The title suggests that cancer is courting the mother, but more deeply, the illness is also courting the daughter who tells this story. In this piece, LoSchiavo is not only the narrator; she is the wounded child. As she tends to a woman who once sharpened every word into a blade, she is confronted with a new version of her mother: frail, softened by illness, gentled by morphine.

“Cancer helped adorn my mother with patience, her acidic breath pausing to accept the spoon that brought breakfast.”

The disease becomes an unwanted chaperone, pulling the daughter into an intimate dance between what was and what is—between the sting of old wounds and the strange tenderness of caring for the very person who caused them.

In the piece “Flash,” the author reveals how her breached birth changed everything.

“To hear my mother tell it, a respectful infant should politely slide from the womb.”

I felt sympathy for the daughter because one cannot control how they enter the world, and she articulates this with a raw truth in the lines, “eventually, I became a vegetarian, refusing to eat anything that had a mother.”

These kinds of powerful lines are all throughout the book, and you’ll want to sit wth them.
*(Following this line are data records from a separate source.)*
Lemma dominated_card_le (T : finType) (adj : rel T) (B : {set T}) d :
  symmetric adj -> (forall v, #|[set w | adj v w]| <= d) ->
  (forall v, v \in B -> exists2 w, adj v w & w \notin B) ->
  d.+1 * #|B| <= d * #|T|.
Proof.
move=> adj_sym deg_le dom.
have out_edges : #|B| <= \sum_(v in B) \sum_(w in ~: B) (adj v w : nat).
  rewrite -sum1_card; apply: leq_sum => v vB; have [w vw wB] := dom v vB.
  by rewrite (bigD1 w) ?inE //= vw.
have in_edges : \sum_(v in B) \sum_(w in ~: B) (adj v w : nat) <= d * #|~: B|.
  rewrite exchange_big /= mulnC -sum_nat_const; apply: leq_sum => w _.
  apply: leq_trans (deg_le w); rewrite card_set_sum /=.
  by rewrite big_mkcond; apply: leq_sum => v _; rewrite adj_sym; case: (v \in B).
by rewrite -(cardsC B) mulSn mulnDr addnC leq_add2l (leq_trans out_edges).
Qed.

Section SimpleGraph.
Variables (V : finType) (adj : rel V).
Hypotheses (adj_sym : symmetric adj) (adj_irr : irreflexive adj).

Lemma adj_neq x y : adj x y -> x != y.
Proof. by apply: contraTneq => ->; rewrite adj_irr. Qed.

Lemma edge_in_edges x y : adj x y -> [set x; y] \in edges adj.
Proof.
by move=> xy; rewrite inE; apply/existsP; exists x; apply/existsP; exists y; rewrite xy eqxx.
Qed.

Lemma triangle_circle a b c : adj a b -> adj b c -> adj c a ->
  circle adj [set [set a; b]; [set b; c]; [set c; a]].
Proof.
move=> ab bc ca; have nab := adj_neq ab; have nbc := adj_neq bc; have nca := adj_neq ca.
set e1 := [set a; b]; set e2 := [set b; c]; set e3 := [set c; a].
have neq_by (u : V) (A B : {set V}) : u \in A -> u \notin B -> A != B.
  by move=> uA; apply: contraNneq => <-.
have e12 : e1 != e2 by apply: (neq_by a); rewrite !inE ?eqxx // negb_or nab eq_sym.
have e13 : e1 != e3 by apply: (neq_by b); rewrite !inE ?eqxx ?orbT // negb_or nbc eq_sym.
have e23 : e2 != e3 by apply: (neq_by b); rewrite !inE ?eqxx // negb_or nbc eq_sym.
have memT A : (A \in [set e1; e2; e3]) = [|| A == e1, A == e2 | A == e3].
  by rewrite !inE orbA.
apply/and4P; split.
- by apply/subsetP => A; rewrite memT => /or3P [] /eqP ->; apply: edge_in_edges.
- by apply/set0Pn; exists e1; rewrite memT eqxx.
- apply/forallP => v; rewrite /degC card_set_sum.
  have -> : \sum_A ((A \in [set e1; e2; e3]) && (v \in A) : nat) =
            (v \in e1) + (v \in e2) + (v \in e3).
    rewrite -(big_set3 (fun A : {set V} => (v \in A : nat))) // [RHS]big_mkcond.
    by apply: eq_bigr => A _; case: (A \in _).
  have nac : a != c by rewrite eq_sym.
  rewrite !inE; have [->|_] := eqVneq v a; first by rewrite (negbTE nab) (negbTE nac).
  have [->|_] := eqVneq v b; first by rewrite (negbTE nbc).
  by case: (v == c).
- apply/forallP => A; apply/implyP => TA; apply/forallP => B; apply/implyP => TB.
  apply: connect1; rewrite /= TA TB /=.
  move: TA TB; rewrite !memT => /or3P [] /eqP -> /or3P [] /eqP ->; apply/set0Pn;
    [ exists a | exists b | exists a | exists b | exists b | exists c
    | exists a | exists c | exists c ]; by rewrite !inE eqxx ?orbT.
Qed.

Lemma cubic_other_nbrs : cubic adj -> forall v u, adj v u ->
  exists w1 w2, w1 != w2 /\ forall y, (y != u) && adj v y = (y == w1) || (y == w2).
Proof.
move=> adj_cubic v u vu.
have [w1 [w2 [w12 defN]]] :
    exists w1 w2, w1 != w2 /\ [set y | adj v y] :\ u = [set w1; w2].
  by apply/cards2P; move: (adj_cubic v); rewrite (cardsD1 u) inE vu add1n => -[->].
by exists w1, w2; split=> // y; move/setP: defN => /(_ y); rewrite !inE.
Qed.

Lemma girth4_nbrs_nonadj : girth_ge4 adj ->
  forall v x y, adj v x -> adj v y -> ~~ adj x y.
Proof.
move=> girth v x y vx vy; apply/negP => xy.
have := girth _ (triangle_circle vx xy (_ : adj y v)).
by rewrite adj_sym vy leqNgt ltnS card_set3_le => /(_ isT).
Qed.

End SimpleGraph.

Lemma frustration_index_le (V : finType) (adj : rel V) (sigma : {set V} -> int)
    (D : {set {set V}}) :
  D \subset edges adj -> balanced_after_deletion adj sigma D ->
  frustration_index adj sigma <= #|D|.
Proof.
move=> sub bal; rewrite /frustration_index -minEnat.
by apply: (@bigmin_le_cond _ _ _ #|edges adj| D); rewrite sub bal.
Qed.

Section Switching.
Variables (V : finType) (adj : rel V) (sigma : {set V} -> int).
Implicit Types (s : {ffun V -> bool}) (S : {set V}).

(* [s] switches the vertices where it is [true]; [frustrated s x y] says that
   the edge xy is negative after switching. *)
Definition frustrated s x y : bool := (sigma [set x; y] == (-1)%R) (+) s x (+) s y.

Definition frustrated_deg s x : nat := \sum_y (adj x y && frustrated s x y : nat).

(* Every frustrated edge is counted twice, once from each endpoint. *)
Definition frustration_count s : nat := \sum_x frustrated_deg s x.

Definition switch S s : {ffun V -> bool} := [ffun x => s x (+) (x \in S)].

Definition cut_count S (P : rel V) : nat :=
  \sum_x \sum_y [&& x \in S, y \notin S, adj x y & P x y].

Definition frustrated_edges s : {set {set V}} :=
  [set [set x; y] | x : V, y : V in [set y | adj x y && frustrated s x y]].

Lemma frustratedC s x y : frustrated s x y = frustrated s y x.
Proof. by rewrite /frustrated setUC addbAC. Qed.

Lemma cut_countE S P :
  cut_count S P = \sum_(x in S) \sum_y [&& y \notin S, adj x y & P x y].
Proof.
by rewrite [RHS]big_mkcond; apply: eq_bigr => x _; case: ifP => _ //; rewrite big1.
Qed.

Lemma frustrated_out_gt0 S s x y : y \notin S -> adj x y -> frustrated s x y ->
  0 < \sum_z [&& z \notin S, adj x z & frustrated s x z].
Proof. by move=> yS xy fxy; rewrite (bigD1 y) //= yS xy fxy. Qed.

Lemma frustrated_edges_sub s : frustrated_edges s \subset edges adj.
Proof.
apply/subsetP => A /imset2P [x y _]; rewrite inE => /andP [xy _] ->.
exact: edge_in_edges.
Qed.

Hypothesis adj_sym : symmetric adj.

(* Switching S changes the sign of exactly the edges leaving S. *)
Lemma frustration_count_switch S s :
  frustration_count (switch S s) + 2 * cut_count S (frustrated s) =
  frustration_count s + 2 * cut_count S (fun x y => ~~ frustrated s x y).
Proof.
have cut_flip P : cut_count S P = \sum_x \sum_y [&& y \in S, x \notin S, adj y x & P y x].
  by rewrite /cut_count exchange_big.
rewrite !mul2n -!addnn [in X in _ + (_ + X) = _]cut_flip [in X in _ = _ + (_ + X)]cut_flip.
rewrite /frustration_count /cut_count.
rewrite -!big_split; apply: eq_bigr => x _; rewrite -!big_split; apply: eq_bigr => y _.
rewrite /= (adj_sym y x) (frustratedC s y x) /frustrated !ffunE.
by case: (x \in S); case: (y \in S); case: (adj x y); case: (s x); case: (s y); case: (_ == _).
Qed.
While the book is a short, quick read, you wouldn’t want to rush through it. The words deserve to be savored for their deeper meaning.

While holding space for the daughter, I also felt empathy for the mother. I know from the testimony of family and friends that motherhood is no fairytale. I understand how a mother can lose herself to the point of resentment. I enjoyed balancing these two thoughts, and I love that the author gave me this opportunity.

As the Grim Reaper inches closer to claiming his prize, we can see how, despite the daughter’s feelings toward her mom, it is not without deep love, proving society wrong: We can tell the truth about mothers while loving them.

As KE Garland writes: “There are kind ways to characterize those we love, without denigrating them.”

The way this book is written conveyed the truth without judgment.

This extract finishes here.